Originally, Janeen Hungate said when they moved to their acreage in February of 2000, the original intentions for the barn were to make it into an event center.

“Neil was raised in the country. I wasn’t,” Janeen Hungate said. “But, we wanted to live in the country. We didn’t care what it had on it. A friend of mine said it would be fun to have a barn that you could turn into an event center for weddings, receptions and stuff like that. Neil wasn’t for it.”

Unfortunately, that dream didn’t pan out. In the meantime, the Hungates decided to keep the tradition of the barn of always being a livestock barn going, and they raised cattle in there for a few years — until about 15 years ago.

They soon found another purpose for the barn after some encouragement from Janeen Hungate’s brother.

“We got into antiques, it was her (Janeen) brother’s idea,” said Neil Hungate.

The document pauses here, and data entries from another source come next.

Lemma isoObj_refl a : isoObj a a.
Proof. by exists (idm a); apply: isIso_id. Qed.

Lemma isoObj_sym a b : isoObj a b -> isoObj b a.
Proof. by move=> [f [g [h1 h2]]]; exists g, f. Qed.

Lemma isoObj_trans a b c : isoObj a b -> isoObj b c -> isoObj a c.
Proof.
move=> [f [f' [h1 h2]]] [g [g' [k1 k2]]]; exists (comp g f), (comp f' g'); split.
  by rewrite compA -(compA f') k1 compm1.
by rewrite compA -(compA g) h2 compm1.
Qed.

Lemma isoObj_zero z z' : isZero z -> isZero z' -> isoObj z z'.
Proof.
move=> [z1 _] [z1' _]; exists 0, 0; split.
  by rewrite (z1 _ (idm z)) comp0l.
by rewrite (z1' _ (idm z')) comp0l.
Qed.

Lemma comp_bp1i1 a b x (f : Hom x a) : comp (bpr1 a b) (comp (bin1 a b) f) = f.
Proof. by rewrite compA bp1i1 comp1m. Qed.
Lemma comp_bp2i2 a b x (f : Hom x b) : comp (bpr2 a b) (comp (bin2 a b) f) = f.
Proof. by rewrite compA bp2i2 comp1m. Qed.
Lemma comp_bp1i2 a b x (f : Hom x b) : comp (bpr1 a b) (comp (bin2 a b) f) = 0.
Proof. by rewrite compA bp1i2 comp0l. Qed.
Lemma comp_bp2i1 a b x (f : Hom x a) : comp (bpr2 a b) (comp (bin1 a b) f) = 0.
Proof. by rewrite compA bp2i1 comp0l. Qed.
Lemma comp_bsumE a b x (f : Hom x (bsum a b)) :
  comp (bin1 a b) (comp (bpr1 a b) f) + comp (bin2 a b) (comp (bpr2 a b) f) = f.
Proof. by rewrite !compA -compDl bsumE comp1m. Qed.

End AdditiveCategory.

Ltac csimp := repeat progress (rewrite ?compDl ?compDr -?compA
  ?comp_bp1i1 ?comp_bp2i2 ?comp_bp1i2 ?comp_bp2i1 ?bp1i1 ?bp2i2 ?bp1i2 ?bp2i1
  ?comp0l ?comp0r ?comp1m ?compm1 ?addr0 ?add0r ?compNl ?compNr ?oppr0
  ?bsumE ?comp_bsumE); try done.

Section Biproducts.
Variable C : AddCat.
Implicit Types a b c d x y z : Obj C.

Lemma isoObj_biprod a b x (i1 : Hom a x) (i2 : Hom b x) (p1 : Hom x a) (p2 : Hom x b) :
  comp p1 i1 = idm a -> comp p2 i2 = idm b -> comp p1 i2 = 0 -> comp p2 i1 = 0 ->
  comp i1 p1 + comp i2 p2 = idm x -> isoObj (bsum a b) x.
Proof.
move=> e11 e22 e12 e21 eS.
exists (comp i1 (bpr1 a b) + comp i2 (bpr2 a b)).
exists (comp (bin1 a b) p1 + comp (bin2 a b) p2); split.
  rewrite !compDl !compDr -!compA !(compA p1) !(compA p2) e11 e22 e12 e21.
  by rewrite !comp0l !comp0r !comp1m !addr0 add0r bsumE.
rewrite !compDl !compDr -!compA !(compA (bpr1 a b)) !(compA (bpr2 a b)).
by rewrite bp1i1 bp2i2 bp1i2 bp2i1 !comp0l !comp0r !comp1m addr0 add0r.
Qed.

“We weren’t into antiques at all. He (my brother) and sister opened up an antique shop in Story City so we started doing a lot of garage saling and so we would pick up things and put in their shop. Finally, one day my brother says ‘you have a barn. Why don’t you open your own antique shop?’ I said in that old, stinky barn? He told me, I would be surprised and to trust him,” said Janeen Hungate.

And after two years of attending auctions and garage sales; buying up inventory, they had their first barn sale in 2016.

The couple held their first barn sale in 2016.

“Our first sale was just fantastic,” said Neil Hungate. “We did really well. People said they just loved coming here.”

“People were like ‘oh my gosh we love the barn,'” said Janeen Hungate. “I think a lot of people come just to see the barn.”

The Hungates aren’t exactly sure when their barn was built, but have had neighbors tell them they believe it is the second barn that has been built on the property.

Constructed out of brick, they also think there is a good possibility the brick came from Lehigh Brick and Tile, although there is no writing on the brick to tell for sure.